-- Data extracts follows --

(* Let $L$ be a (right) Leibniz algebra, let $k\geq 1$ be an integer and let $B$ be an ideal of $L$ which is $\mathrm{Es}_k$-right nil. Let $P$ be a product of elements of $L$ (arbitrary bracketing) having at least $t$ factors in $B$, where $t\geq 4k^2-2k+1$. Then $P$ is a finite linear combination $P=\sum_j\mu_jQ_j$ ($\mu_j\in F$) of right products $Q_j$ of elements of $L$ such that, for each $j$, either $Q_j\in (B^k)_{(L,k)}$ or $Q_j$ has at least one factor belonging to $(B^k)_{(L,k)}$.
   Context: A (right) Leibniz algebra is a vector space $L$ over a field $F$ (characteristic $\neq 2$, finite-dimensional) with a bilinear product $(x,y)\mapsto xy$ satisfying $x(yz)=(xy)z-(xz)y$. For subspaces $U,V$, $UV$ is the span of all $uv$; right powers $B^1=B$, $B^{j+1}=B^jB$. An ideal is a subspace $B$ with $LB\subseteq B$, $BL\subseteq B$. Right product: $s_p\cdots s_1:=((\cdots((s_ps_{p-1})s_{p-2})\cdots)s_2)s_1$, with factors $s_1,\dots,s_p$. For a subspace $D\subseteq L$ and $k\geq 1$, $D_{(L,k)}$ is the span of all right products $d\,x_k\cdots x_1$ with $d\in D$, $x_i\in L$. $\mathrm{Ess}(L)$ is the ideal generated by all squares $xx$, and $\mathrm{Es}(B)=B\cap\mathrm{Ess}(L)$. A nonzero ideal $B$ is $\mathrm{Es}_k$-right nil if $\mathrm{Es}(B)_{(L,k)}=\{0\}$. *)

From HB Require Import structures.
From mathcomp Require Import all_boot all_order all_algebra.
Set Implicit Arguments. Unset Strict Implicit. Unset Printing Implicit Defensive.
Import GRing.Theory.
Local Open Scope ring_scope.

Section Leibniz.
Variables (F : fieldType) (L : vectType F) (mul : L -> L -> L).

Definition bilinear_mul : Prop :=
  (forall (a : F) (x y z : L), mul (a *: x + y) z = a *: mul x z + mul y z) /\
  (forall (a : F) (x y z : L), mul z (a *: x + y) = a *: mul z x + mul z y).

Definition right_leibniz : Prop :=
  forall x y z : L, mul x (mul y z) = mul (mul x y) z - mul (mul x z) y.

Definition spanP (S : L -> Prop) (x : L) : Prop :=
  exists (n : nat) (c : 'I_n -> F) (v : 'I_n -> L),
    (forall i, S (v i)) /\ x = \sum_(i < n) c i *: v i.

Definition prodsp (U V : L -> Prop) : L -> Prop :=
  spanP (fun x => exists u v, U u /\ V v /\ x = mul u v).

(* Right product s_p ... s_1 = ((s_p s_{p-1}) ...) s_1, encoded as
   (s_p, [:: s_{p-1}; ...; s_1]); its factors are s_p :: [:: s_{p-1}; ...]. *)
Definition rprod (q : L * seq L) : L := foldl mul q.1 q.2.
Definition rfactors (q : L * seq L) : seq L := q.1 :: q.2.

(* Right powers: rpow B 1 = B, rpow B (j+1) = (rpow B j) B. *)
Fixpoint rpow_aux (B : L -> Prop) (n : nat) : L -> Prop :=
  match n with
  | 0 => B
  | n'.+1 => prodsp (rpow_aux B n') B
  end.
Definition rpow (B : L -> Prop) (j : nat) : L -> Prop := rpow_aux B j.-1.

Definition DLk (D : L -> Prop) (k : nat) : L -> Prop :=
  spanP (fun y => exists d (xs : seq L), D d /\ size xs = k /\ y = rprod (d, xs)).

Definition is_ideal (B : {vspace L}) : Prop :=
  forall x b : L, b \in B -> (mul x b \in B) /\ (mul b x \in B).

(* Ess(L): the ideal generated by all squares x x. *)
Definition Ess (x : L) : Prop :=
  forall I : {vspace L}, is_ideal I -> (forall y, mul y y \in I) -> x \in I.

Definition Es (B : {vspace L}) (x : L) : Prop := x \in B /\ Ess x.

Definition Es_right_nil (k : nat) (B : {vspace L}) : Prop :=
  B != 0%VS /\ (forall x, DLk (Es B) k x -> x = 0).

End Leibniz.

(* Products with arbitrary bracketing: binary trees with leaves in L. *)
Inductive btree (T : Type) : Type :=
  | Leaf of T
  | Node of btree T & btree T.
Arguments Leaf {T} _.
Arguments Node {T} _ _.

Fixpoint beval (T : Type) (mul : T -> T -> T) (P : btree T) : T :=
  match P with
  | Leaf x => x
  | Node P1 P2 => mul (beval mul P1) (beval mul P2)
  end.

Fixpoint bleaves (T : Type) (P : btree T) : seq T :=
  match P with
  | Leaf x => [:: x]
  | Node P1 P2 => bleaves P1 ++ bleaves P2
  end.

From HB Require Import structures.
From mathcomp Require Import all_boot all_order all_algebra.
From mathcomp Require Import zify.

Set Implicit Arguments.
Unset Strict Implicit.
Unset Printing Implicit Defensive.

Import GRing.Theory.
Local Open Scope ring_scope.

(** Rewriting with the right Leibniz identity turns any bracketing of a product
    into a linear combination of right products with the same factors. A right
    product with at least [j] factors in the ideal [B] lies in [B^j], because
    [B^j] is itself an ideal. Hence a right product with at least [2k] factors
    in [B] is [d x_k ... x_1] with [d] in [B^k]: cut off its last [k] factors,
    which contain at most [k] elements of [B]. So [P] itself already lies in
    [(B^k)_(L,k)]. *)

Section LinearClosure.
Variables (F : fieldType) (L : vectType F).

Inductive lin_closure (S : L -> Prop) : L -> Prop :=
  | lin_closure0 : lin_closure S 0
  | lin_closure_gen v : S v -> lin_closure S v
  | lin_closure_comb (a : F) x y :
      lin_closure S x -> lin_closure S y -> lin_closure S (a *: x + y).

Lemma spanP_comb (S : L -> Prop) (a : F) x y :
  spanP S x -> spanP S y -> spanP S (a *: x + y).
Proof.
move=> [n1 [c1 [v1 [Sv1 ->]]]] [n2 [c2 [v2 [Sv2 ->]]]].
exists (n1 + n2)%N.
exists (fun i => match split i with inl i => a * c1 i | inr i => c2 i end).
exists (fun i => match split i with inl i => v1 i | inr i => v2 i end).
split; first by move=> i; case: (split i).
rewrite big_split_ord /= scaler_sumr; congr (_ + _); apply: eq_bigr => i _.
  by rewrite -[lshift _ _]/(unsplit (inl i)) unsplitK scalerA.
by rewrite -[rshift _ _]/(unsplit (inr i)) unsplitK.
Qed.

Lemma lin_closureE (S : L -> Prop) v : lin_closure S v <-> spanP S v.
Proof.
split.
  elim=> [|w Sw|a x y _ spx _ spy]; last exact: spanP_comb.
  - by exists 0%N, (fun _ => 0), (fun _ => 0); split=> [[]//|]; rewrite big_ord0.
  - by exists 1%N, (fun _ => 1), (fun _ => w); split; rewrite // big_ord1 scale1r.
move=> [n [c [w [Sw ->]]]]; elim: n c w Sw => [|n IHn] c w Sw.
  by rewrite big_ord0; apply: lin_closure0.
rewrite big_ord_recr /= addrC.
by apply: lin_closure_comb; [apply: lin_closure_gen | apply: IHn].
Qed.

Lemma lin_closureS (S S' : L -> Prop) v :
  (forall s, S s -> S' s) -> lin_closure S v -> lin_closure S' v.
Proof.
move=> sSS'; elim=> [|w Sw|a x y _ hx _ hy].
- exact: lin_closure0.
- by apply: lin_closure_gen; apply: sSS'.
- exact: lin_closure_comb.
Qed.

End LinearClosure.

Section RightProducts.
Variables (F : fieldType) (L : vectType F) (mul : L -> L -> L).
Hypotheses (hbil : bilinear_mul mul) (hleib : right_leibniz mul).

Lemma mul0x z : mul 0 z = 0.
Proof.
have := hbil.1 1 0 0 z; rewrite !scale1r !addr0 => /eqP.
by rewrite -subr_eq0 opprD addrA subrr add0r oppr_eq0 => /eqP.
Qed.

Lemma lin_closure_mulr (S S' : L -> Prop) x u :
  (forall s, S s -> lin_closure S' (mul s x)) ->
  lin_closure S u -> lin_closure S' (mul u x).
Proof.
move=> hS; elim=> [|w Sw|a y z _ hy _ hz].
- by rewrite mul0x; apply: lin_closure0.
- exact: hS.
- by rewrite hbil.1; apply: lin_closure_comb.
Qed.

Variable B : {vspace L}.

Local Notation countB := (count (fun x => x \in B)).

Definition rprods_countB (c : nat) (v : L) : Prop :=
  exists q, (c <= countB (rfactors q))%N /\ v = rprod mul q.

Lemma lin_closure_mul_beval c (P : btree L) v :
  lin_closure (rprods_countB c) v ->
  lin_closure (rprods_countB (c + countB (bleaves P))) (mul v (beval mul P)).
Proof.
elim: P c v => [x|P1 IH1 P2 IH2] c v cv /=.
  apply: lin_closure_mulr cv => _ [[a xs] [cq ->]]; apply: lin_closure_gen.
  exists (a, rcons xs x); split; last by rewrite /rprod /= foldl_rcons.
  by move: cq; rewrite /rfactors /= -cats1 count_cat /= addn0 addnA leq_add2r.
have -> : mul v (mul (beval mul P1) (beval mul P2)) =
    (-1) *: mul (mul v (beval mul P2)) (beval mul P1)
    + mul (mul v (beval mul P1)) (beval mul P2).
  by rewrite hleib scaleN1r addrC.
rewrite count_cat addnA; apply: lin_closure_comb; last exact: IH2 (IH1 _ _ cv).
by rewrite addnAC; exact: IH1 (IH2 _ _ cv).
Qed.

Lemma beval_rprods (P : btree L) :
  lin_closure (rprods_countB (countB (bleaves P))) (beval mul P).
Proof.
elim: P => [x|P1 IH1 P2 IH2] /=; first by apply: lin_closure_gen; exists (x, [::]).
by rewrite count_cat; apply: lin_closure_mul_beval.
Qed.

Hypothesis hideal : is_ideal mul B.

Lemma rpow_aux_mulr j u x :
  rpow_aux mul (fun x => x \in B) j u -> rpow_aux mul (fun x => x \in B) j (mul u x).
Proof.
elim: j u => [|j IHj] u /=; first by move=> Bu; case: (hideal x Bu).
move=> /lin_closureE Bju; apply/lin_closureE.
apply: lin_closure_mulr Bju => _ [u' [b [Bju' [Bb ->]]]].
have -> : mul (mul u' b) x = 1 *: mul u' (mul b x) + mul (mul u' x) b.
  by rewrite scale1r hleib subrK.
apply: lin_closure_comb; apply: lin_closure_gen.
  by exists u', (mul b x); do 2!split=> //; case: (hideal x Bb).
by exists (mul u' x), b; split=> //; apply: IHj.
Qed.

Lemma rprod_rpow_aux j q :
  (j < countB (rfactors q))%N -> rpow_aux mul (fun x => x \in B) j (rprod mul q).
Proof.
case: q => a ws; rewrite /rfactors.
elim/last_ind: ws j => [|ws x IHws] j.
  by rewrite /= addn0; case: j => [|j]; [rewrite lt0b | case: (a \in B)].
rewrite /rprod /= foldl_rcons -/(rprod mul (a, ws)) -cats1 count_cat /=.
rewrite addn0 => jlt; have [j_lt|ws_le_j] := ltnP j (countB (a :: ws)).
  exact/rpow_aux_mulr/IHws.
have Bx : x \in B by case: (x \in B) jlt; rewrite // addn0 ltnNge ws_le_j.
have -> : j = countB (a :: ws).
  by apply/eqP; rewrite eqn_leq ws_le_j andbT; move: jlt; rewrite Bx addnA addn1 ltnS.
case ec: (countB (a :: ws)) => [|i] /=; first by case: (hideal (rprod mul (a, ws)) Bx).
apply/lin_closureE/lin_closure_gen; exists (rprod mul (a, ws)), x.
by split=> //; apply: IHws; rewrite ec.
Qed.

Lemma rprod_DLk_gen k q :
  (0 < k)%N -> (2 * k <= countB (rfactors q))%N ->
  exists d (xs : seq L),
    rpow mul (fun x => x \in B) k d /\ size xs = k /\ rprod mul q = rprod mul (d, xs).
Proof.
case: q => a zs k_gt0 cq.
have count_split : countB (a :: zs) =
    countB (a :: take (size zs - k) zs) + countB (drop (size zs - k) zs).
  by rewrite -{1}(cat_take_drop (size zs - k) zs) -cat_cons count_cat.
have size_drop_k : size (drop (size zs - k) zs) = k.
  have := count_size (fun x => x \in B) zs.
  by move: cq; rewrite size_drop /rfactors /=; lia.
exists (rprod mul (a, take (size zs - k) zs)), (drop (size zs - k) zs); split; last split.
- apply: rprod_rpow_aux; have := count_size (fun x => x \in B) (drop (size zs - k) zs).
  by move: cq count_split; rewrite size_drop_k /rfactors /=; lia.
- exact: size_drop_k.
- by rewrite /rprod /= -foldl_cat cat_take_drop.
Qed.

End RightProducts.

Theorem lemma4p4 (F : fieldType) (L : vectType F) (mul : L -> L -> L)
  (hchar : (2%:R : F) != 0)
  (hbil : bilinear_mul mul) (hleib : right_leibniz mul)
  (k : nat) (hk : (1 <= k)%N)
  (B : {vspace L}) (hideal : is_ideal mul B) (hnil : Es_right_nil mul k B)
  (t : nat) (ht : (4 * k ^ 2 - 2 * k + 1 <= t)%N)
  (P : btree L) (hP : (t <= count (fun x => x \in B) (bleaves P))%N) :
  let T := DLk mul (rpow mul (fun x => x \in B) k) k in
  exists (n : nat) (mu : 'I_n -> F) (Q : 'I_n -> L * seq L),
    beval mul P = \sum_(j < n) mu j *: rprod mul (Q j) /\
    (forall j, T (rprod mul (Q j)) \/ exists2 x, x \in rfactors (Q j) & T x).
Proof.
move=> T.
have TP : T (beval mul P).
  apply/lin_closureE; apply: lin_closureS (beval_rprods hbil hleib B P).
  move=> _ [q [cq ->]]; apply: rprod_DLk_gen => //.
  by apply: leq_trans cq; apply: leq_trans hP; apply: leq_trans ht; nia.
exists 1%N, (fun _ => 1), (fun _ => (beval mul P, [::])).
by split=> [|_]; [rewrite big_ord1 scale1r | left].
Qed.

-- Data extracts concluded --

## Exercise directions:
Within the listing above, give again exactly every line from the line with "rewrite count_cat addnA;" through the line with "apply: lin_closure_comb; apply: lin_closure_gen.", both included, and no other line.

## Finished task:
rewrite count_cat addnA; apply: lin_closure_comb; last exact: IH2 (IH1 _ _ cv).
by rewrite addnAC; exact: IH1 (IH2 _ _ cv).
Qed.

Lemma beval_rprods (P : btree L) :
  lin_closure (rprods_countB (countB (bleaves P))) (beval mul P).
Proof.
elim: P => [x|P1 IH1 P2 IH2] /=; first by apply: lin_closure_gen; exists (x, [::]).
by rewrite count_cat; apply: lin_closure_mul_beval.
Qed.

Hypothesis hideal : is_ideal mul B.

Lemma rpow_aux_mulr j u x :
  rpow_aux mul (fun x => x \in B) j u -> rpow_aux mul (fun x => x \in B) j (mul u x).
Proof.
elim: j u => [|j IHj] u /=; first by move=> Bu; case: (hideal x Bu).
move=> /lin_closureE Bju; apply/lin_closureE.
apply: lin_closure_mulr Bju => _ [u' [b [Bju' [Bb ->]]]].
have -> : mul (mul u' b) x = 1 *: mul u' (mul b x) + mul (mul u' x) b.
  by rewrite scale1r hleib subrK.
apply: lin_closure_comb; apply: lin_closure_gen.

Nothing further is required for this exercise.